Q. What does it mean when I get java.lang.IncompatibleClassChangeError thrown while trying to compile a binding?
A. This is caused by having an older version of the Apache BCEL library somewhere in your classpath ahead of the JiBX libraries. It usually occurs when using the Ant binding task, because Ant often includes an XSLT library named xsltc.jar in the classpath, and this library uses BCEL. It could also occur outside of Ant if you have xsltc.jar in your Java installation's /lib/ext directory. xalan.jar can also cause the same problem, and for the same reason.

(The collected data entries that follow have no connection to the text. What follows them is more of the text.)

Lemma feasible_sub_maximal I J t s :
  (forall r, rlist J r = rlist I r) ->
  (forall M m, ousted q I M m -> ousted q J M m) ->
  maximal q J t -> feasible q I s ->
  propS s \subset propS t /\ rejS s \subset rejS t.
Proof.
move=> eqR oIJ mt; have [ft _] := andP mt.
have [t_rej t_acc t_ord] := feasible_run_consistent ft.
elim/last_ind: s => [|s [[] [r h]] IH].
- by move=> _; split; apply/subsetP => m; rewrite inE.
- rewrite feasible_rcons propS_rcons rejS_rcons.
  case/andP=> /IH[/subsetP sp /subsetP sr] /and4P[_ _ hr /allP earlier].
  split; apply/subsetP => // m /setU1P[->|/sp//]; apply/negPn/negP => nt.
  have /negbT := maximal_step_ok (true, (r, h)) mt.
  have all_rej :
    all (fun h' => (r, h') \in rejS t) (take (index h (rlist I r)) (rlist I r)).
    by apply/allP => h' /earlier /sr.
  rewrite /= nt eqR hr all_rej /= andbT negbK inE => /existsP[h2].
  rewrite inE => /andP[nrej p2].
  have h2r : h2 \in rlist I r by rewrite -eqR; apply: t_acc p2.
  (* r holds a tentative proposal (r, h2) in t: compare h2 with h on r's list. *)
  case: (ltngtP (index h2 (rlist I r)) (index h (rlist I r))) => cmp.
  + by rewrite sr ?earlier ?in_take in nrej.
  + have := t_ord r h h2 p2; rewrite !eqR => /(_ hr cmp) /t_rej /ousted_mem.
    by rewrite (negbTE nt).
  + by rewrite -(index_inj h h2r hr cmp) p2 in nt.
- rewrite feasible_rcons propS_rcons rejS_rcons.
  case/andP=> /IH[sp /subsetP sr] /andP[ou _]; split=> //.
  apply/subsetP => m /setU1P[->|/sr//]; apply/negPn/negP => nt.
  have /negbT := maximal_step_ok (false, (r, h)) mt.
  by rewrite /step_ok nt andbT (oIJ _ _ (ousted_mono sp ou)).
Qed.

Lemma pbP (P : Prop) : reflect P (pb P).
Proof. by rewrite /pb; case: excluded_middle_informative => p; constructor. Qed.

Lemma maximal_propI_rejI I t :
  maximal q I t -> propI q I = propS t /\ rejI q I = rejS t.
Proof.
move=> mt; have sub s : maximal q I s -> propS s \subset propS t /\ rejS s \subset rejS t.
  case/andP => fs _.
  exact: feasible_sub_maximal (fun _ => erefl) (fun _ _ => id) mt fs.
split; apply/setP => m; rewrite inE; apply/pbP/idP; try by exists t.
- by case=> s [/sub[/subsetP + _]]; apply.
- by case=> s [/sub[_ /subsetP]]; apply.
Qed.

Lemma rejS_maximal I t : maximal q I t -> rejS t = [set m | ousted q I (propS t) m].
Proof.
move=> mt; have [ft _] := andP mt; have [t_rej _ _] := feasible_run_consistent ft.
apply/setP => [[r h]]; rewrite [in RHS]inE; apply/idP/idP => [/t_rej //|ou].
apply/negPn/negP => nr; have := maximal_step_ok (false, (r, h)) mt.
by rewrite /step_ok ou nr.
Qed.

Lemma tentIE I m :
  (m \in tentI q I) = (m \in propI q I) && ~~ ousted q I (propI q I) m.
Proof.
rewrite /tentI; have [t mt] := exists_maximal I; have [-> ->] := maximal_propI_rejI mt.
by rewrite (rejS_maximal mt) !inE andbC.
Qed.

Lemma propI_acceptable I r h : (r, h) \in propI q I -> h \in rlist I r.
Proof.
have [t mt] := exists_maximal I; have [-> _] := maximal_propI_rejI mt.
by case/andP: mt => /feasible_run_consistent[_ t_acc _] _; apply: t_acc.
Qed.

Lemma tentI_hospital_uniq I r h h' :
  (r, h) \in tentI q I -> (r, h') \in tentI q I -> h = h'.
Proof.
have [t mt] := exists_maximal I; have [ft _] := andP mt.
have [_ t_acc t_ord] := feasible_run_consistent ft.
rewrite /tentI; have [-> ->] := maximal_propI_rejI mt.
rewrite !in_setD => /andP[nr p] /andP[nr' p'].
case: (ltngtP (index h (rlist I r)) (index h' (rlist I r))) => cmp.
- by rewrite (t_ord _ _ _ p' (t_acc _ _ p) cmp) in nr.
- by rewrite (t_ord _ _ _ p (t_acc _ _ p') cmp) in nr'.
- exact: index_inj (t_acc _ _ p) (t_acc _ _ p') cmp.
Qed.

Lemma pendI_complete I : hospital_complete I -> pendI q I = set0.
Proof. by move=> cI; apply/setP => m; rewrite !inE cI andbF. Qed.

Section Extension.
Variables I J : instance R H.
Hypotheses (Imin : resident_minimal q I) (IJ : extension I J)
  (chIJ : resident_changeless I J).

Lemma ousted_extension M m : ousted q I M m -> ousted q J M m.
Proof.
case: m => r h; rewrite !oustedE => /andP[-> /leq_trans]; apply.
by case: IJ => _ /(_ h) /prefixP[s ->]; apply: count_take_index_cat.
Qed.

Lemma ousted_extension_mem M r h :
  r \in hlist I h -> ousted q J M (r, h) -> ousted q I M (r, h).
Proof.
by case: IJ => _ /(_ h) /prefixP[s eL] rL; rewrite !oustedE eL take_index_cat.
Qed.

Lemma resident_minimal_extension : resident_minimal q J.
Proof.
move=> r h; apply/idP/idP => [|hr]; first by move/propI_acceptable.
have [t mt] := exists_maximal J; have [s ms] := exists_maximal I.
have [fs _] := andP ms.
have [/subsetP sub _] := feasible_sub_maximal chIJ ousted_extension mt fs.
have [-> _] := maximal_propI_rejI mt; apply: sub.
by have [<- _] := maximal_propI_rejI ms; rewrite Imin -chIJ.
Qed.

Lemma propI_extension : propI q J = propI q I.
Proof.
by apply/setP => [[r h]]; rewrite resident_minimal_extension Imin chIJ.
Qed.

Lemma tentI_extension_sub m : m \in tentI q J -> m \in tentI q I.
Proof.
rewrite !tentIE propI_extension => /andP[-> ]; apply: contra.
exact: ousted_extension.
Qed.

Lemma tentI_extension_mem r h :
  (r, h) \in tentI q I -> r \in hlist I h -> (r, h) \in tentI q J.
Proof.
rewrite !tentIE propI_extension => /andP[-> no] rL; apply: contra no.
exact: ousted_extension_mem.
Qed.

End Extension.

Q. What does it mean when I get org.jibx.runtime.JiBXException: Unable to access binding information for class ... thrown while trying to run my application with JiBX?
A. This means your class files (or at least the one for the class you asked the org.jibx.runtime.BindingDirectory to look up) haven't been processed by the JiBX binding compiler. Check your build process and make sure you're doing the binding compiler step. This problem has been known to occur in some IDEs when the IDE uses a different location for compiled class files from what is used by an Ant build script or manual build process.

Q. Why do I get a java.lang.NullPointerException when I try to marshal a document?
A. The most likely cause is that you've got a null value for an object that's not marked as optional in the binding definition. JiBX trusts what you tell it, so if you don't say an object property is optional the generated code won't check for a null. To isolate the cause of this type of problem, look through the stack trace (starting at the top) for the first class name from your code. This will normally be the class that contains the null property. You can then verify the binding definition for that class. If it's not obvious which property is causing the problem, add a pre-get method to that class for debugging purposes which checks if any of the non-optional object properties used by the binding are null (throwing an exception when it finds a null, with any added information you want to see). This will let you find out all the details of the problem so that you can fix either the code or the binding, whichever is wrong.

Q. How can I control the package used for the classes generated by JiBX (including the binding factory class or classes, and the JiBX_MungeAdapter.class)?
A. You can control the package used for the binding factory class for a binding by using the package attribute of the binding element. The JiBX_MungeAdapter.class is only generated if needed. When needed, it's created in the package of the first mapping class which is both modifiable (a class defined in its own file, rather than in a jar file) and not an interface. If you need this to be in a particular package (as may happen when you're binding classes that have package access), include a mapping for one of the classes in this package before any other mappings in the binding definition, and if you're compiling more than one binding make the one with this mapping the first one in the list. If necessary, you can compile bindings in multiple sets to get more than one JiBX_MungeAdapter.class in different packages. This only works if you have bindings with no overlapping packages, though - otherwise running the binding compiler twice with different sets of bindings will cause information from the first set to be lost.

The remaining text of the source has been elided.